Flight Period in Massachusetts
Mainly mid-August to early September. Extreme Dates: 12 June 18??, Mattapan (Suffolk Co.), Scudder (1889). Scudder also notes that the species "flies throughout the month" of September in the state but knew of no October records. 30 October 1921, Fall River (Bristol Co.), W. Rogers.
Larval Food Plants
Reported from a variety of herbs in the senna family (Caesalpinaceae), but apparently prefers Wild Sensitive Plant (C. nictitans), Wild Senna (Cassia hebecarpa), and Partridge Pea (C.fasciculata). Use of other species has been doubted since Scudder (1889).
Adult Food sources
A wide range of late summer and fall wildflowers including goldenrods, asters, and Purple Loosestrife, as reported in Opler and Krizek (1984), and others.
Habitat
Fields, roadsides, railroad beds, waste places, wood edges and other open habitats where its preferred larval food plants and nectaring sources occur in abundance.
Life Cycle
EGG: Straw yellow to pale green; spindle shaped with 30-40 vertical ribs and dense fine punctures in between; OVIPOSITION: Eggs are laid on upper side of host plant leaves, typically on a midrib or other edge, and hatch in about six days; LARVA: Grass green covered in fine hairs with a pale line along the sides and many tiny white dots; it feeds for about a month on the under sides of the host leaves before pupating; stretches out along midrib or leaf stem to conceal itself while resting. CHRYSALIS: Green with a bluish tinge on the upper end, sprinkled with small black dots, generally smooth and cylindrical with a prominent "head horn". OVERWINTERING STAGE: Not known to overwinter in New England.

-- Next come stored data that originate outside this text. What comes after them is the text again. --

Lemma vol_exp_growth delta0 : 0 < delta0 ->
  (0 < limn_esup (fun l : nat => ((l%:R)^-1)%:E * elog (vol d mu delta0 x l)))%E ->
  exists2 h : R, 0 < h & exp_ball_growth delta0 h.
Proof.
move=> delta0_gt0 /limn_esup_gt0 [h h_gt0 often]; exists h => // N.
have [l le_l lt_hl] := often (maxn N 1); exists l; first exact: leq_trans (leq_maxl _ _) le_l.
have l_gt0 : (0 < l)%N by apply: leq_trans (leq_maxr _ _) le_l.
have [v _ volv] := vol_fin l delta0_gt0.
move: lt_hl; rewrite volv /=; case: ifP => [v_gt0|_]; last first.
  by rewrite mulrNy gtr0_sg ?invr_gt0 ?ltr0n // mul1e.
rewrite -EFinM lte_fin [_^-1 * _]mulrC ltr_pdivlMr ?ltr0n // => lt_hl.
have : ((expR (h * l%:R))%:E < vol d mu delta0 x l)%E.
  by rewrite volv lte_fin -[X in _ < X]lnK ?posrE // ltr_expR.
by move=> /ereal_sup_gt [_ [x0 xx0 <-] lt_mu]; exists x0.
Qed.

Lemma exp_ball_growth_sep_family delta0 h k delta Rs V :
  0 < delta0 -> exp_ball_growth delta0 h ->
  (0 < k)%N -> k%:R * delta0 <= delta -> delta <= Rs ->
  1 <= V -> (vol d mu Rs x 1 <= V%:E)%E ->
  forall N, exists2 l, (N <= l)%N & exists2 x0, Defs.dcomp d delta x x0 &
    exists K (B : 'I_K -> nat -> X),
      [/\ forall b, npath d delta (l %/ k).+1 x0 (B b),
          forall a b, a != b -> nsep d (l %/ k).+1 Rs (B a) (B b) &
          expR (h * l%:R) < K%:R * V].
Proof.
move=> delta0_gt0 growth k_gt0 le_kd le_dRs V_ge1 volV N.
have le_d0d : delta0 <= delta.
  by apply: le_trans le_kd; rewrite ler_peMl ?ler1n // ltW.
have delta_gt0 : 0 < delta by apply: lt_le_trans le_d0d.
have [l le_l [x0 xx0 lt_mu]] := growth N.
have xx0' := le_dcomp le_d0d xx0.
have [K [B [hB sepB muK]]] :=
  sep_family_measure_bound (l %/ k).+1 delta_gt0 le_dRs xx0' V_ge1 volV.
exists l => //; exists x0 => //; exists K, B; split => //.
rewrite -lte_fin; apply: lt_le_trans lt_mu (le_trans _ muK).
apply: le_measure; rewrite ?inE; [exact: dball_measurable..|].
exact: dball_subsample (ltW delta0_gt0) le_kd.
Qed.

Lemma sep_growth_ge_scale delta0 h k delta Rs :
  0 < delta0 -> 0 < h -> exp_ball_growth delta0 h ->
  (0 < k)%N -> k%:R * delta0 <= delta -> delta <= Rs ->
  ((h * k%:R / 32)%:E <= sep_growth d x delta Rs)%E.
Proof.
move=> delta0_gt0 h_gt0 growth k_gt0 le_kd le_dRs.
have delta_gt0 : 0 < delta by apply: lt_le_trans le_kd; rewrite mulr_gt0 ?ltr0n.
have [v v_ge0 volv] := vol_fin 1 (lt_le_trans delta_gt0 le_dRs).
pose V := v + 1; have V_ge1 : 1 <= V by rewrite lerDr.
have volV : (vol d mu Rs x 1 <= V%:E)%E by rewrite volv lee_fin lerDl.
have lnV_ge0 : 0 <= ln V by rewrite ln_ge0.
have [l le_l [x0 xx0 [K [B [hB sepB lt_expK]]]]] :=
  exp_ball_growth_sep_family delta0_gt0 growth k_gt0 le_kd le_dRs V_ge1 volV
    (Num.trunc (2 * ln V / h + k%:R)).+1.
(* [l] is taken so large that [ln V] and [k] are negligible against [l] *)
have lt_hl : 2 * ln V + h * k%:R < h * l%:R.
  have : 2 * ln V / h + k%:R < l%:R.
    by apply: lt_le_trans (truncnS_gt _) _; rewrite ler_nat.
  by rewrite -(ltr_pM2l h_gt0) mulrDr mulrCA mulfV ?mulr1 // gt_eqF.
have K_gt0 : (0 < K)%N.
  rewrite lt0n; apply/eqP => K0; move: lt_expK; rewrite K0 mul0r.
  by rewrite ltNge ltW ?expR_gt0.
have lt_lnK : h * l%:R - ln V < ln (K%:R : R).
  have KV_gt0 : 0 < K%:R * V := lt_trans (expR_gt0 _) lt_expK.
  rewrite ltrBlDr -lnM ?posrE ?ltr0n ?(lt_le_trans ltr01 V_ge1) //.
  by rewrite -ltr_expR lnK ?posrE.
apply: le_trans (sep_growth_ge_family d_metric (ltW delta_gt0) xx0 _ K_gt0 hB sepB) => //.
have le_Lk : (l %/ k).+1%:R * k%:R <= l%:R + k%:R :> R.
  by rewrite -natrM -natrD ler_nat mulSn addnC leq_add2r leq_trunc_div.
rewrite lee_fin ler_pdivlMr ?ltr0n ?muln_gt0 // natrM.
have : h * ((l %/ k).+1%:R * k%:R) <= h * l%:R + h * k%:R.
  by rewrite -mulrDr ler_pM2l.
have -> : h * k%:R / 32 * (8 * (l %/ k).+1%:R) = h * ((l %/ k).+1%:R * k%:R) / 4.
  by field.
have : 0 <= h * k%:R by rewrite mulr_ge0 // ltW.
lra.
Qed.

Lemma lim_sep_growth_ge_scale delta0 h k delta :
  0 < delta0 -> 0 < h -> exp_ball_growth delta0 h ->
  (0 < k)%N -> k%:R * delta0 <= delta ->
  ((h * k%:R / 32)%:E <= lim (sep_growth d x delta Rs @[Rs --> +oo%R]))%E.
Proof.
move=> delta0_gt0 h_gt0 growth k_gt0 le_kd.
rewrite lim_sep_growth; apply/ereal_infP => _ [Rs _ <-].
have ge_scale := sep_growth_ge_scale delta0_gt0 h_gt0 growth k_gt0 le_kd.
have [le_dRs|lt_Rsd] := leP delta Rs; first exact: ge_scale.
exact: le_trans (ge_scale _ (lexx delta)) (nonincreasing_sep_growth d x delta (ltW lt_Rsd)).
Qed.

End VolumeGrowth.

Unset Implicit Arguments.
Theorem mainTheorem13 (R : realType) (dsp : measure_display)
  (X : measurableType dsp) (d : X -> X -> R)
  (mu : {measure set X -> \bar R}) (x : X) :
  is_metric d ->
  (@measurable dsp X = <<s [set A | dopen d A] >>) ->
  (forall (delta : R) (x0 : X) (l : nat), 0 < delta ->
     measurable (dball d delta x0 l)) ->
  (forall (delta : R) (l : nat), 0 < delta -> (vol d mu delta x l < +oo)%E) ->
  (exists delta0 : R, 0 < delta0 /\
     (0 < limn_esup (fun l : nat => ((l%:R)^-1)%:E * elog (vol d mu delta0 x l)))%E) ->
  coarse_entropy d x = +oo%E.
Proof.
move=> d_metric _ dball_measurable vol_lty [delta0 [delta0_gt0 rate_gt0]].
have [h h_gt0 growth] := vol_exp_growth vol_lty delta0_gt0 rate_gt0.
apply/cvg_lim => //; apply/cvgeyPge => A.
pose k := (Num.trunc (32 * A / h)).+1.
have le_Ak : A <= h * k%:R / 32.
  rewrite ler_pdivlMr // mulrC [h * _]mulrC; apply: ltW.
  by rewrite -ltr_pdivrMr // truncnS_gt.
near=> delta.
have le_kd : k%:R * delta0 <= delta.
  by near: delta; apply: nbhs_pinfty_ge; exact: num_real.
apply: le_trans (lim_sep_growth_ge_scale d_metric dball_measurable vol_lty
  delta0_gt0 h_gt0 growth (ltn0Sn _) le_kd).
by rewrite lee_fin.
Unshelve. all: by end_near.
Qed.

In New England the cycle begins with the arrival of emigrating individuals from the South. In big flight years individuals may arrive as early as mid-June, but generally the first members of the northern summer generation do not arrive until later. There is a ritualized courtship display in which males touch females with legs and wings and release their pheromone, stimulating females to assume a receptive mating posture. The New England generation of adults flies in September. Males congregate (in hundreds further south) to "drink" at mud puddles and damp areas after emerging.
Notes
Lisa flies year-round in the tropics and in southernmost Florida and Texas. Where winters are cooler (but without frost), adults apparently overwinter in a dormant state. The species also passes the winter in the pupal stage, including a zone north of the region where adults cannot survive this season.
The species is remarkable for its mass emigrations, which reach not only New England and Canada, but cross the Caribbean and the Atlantic at least as far as Bermuda.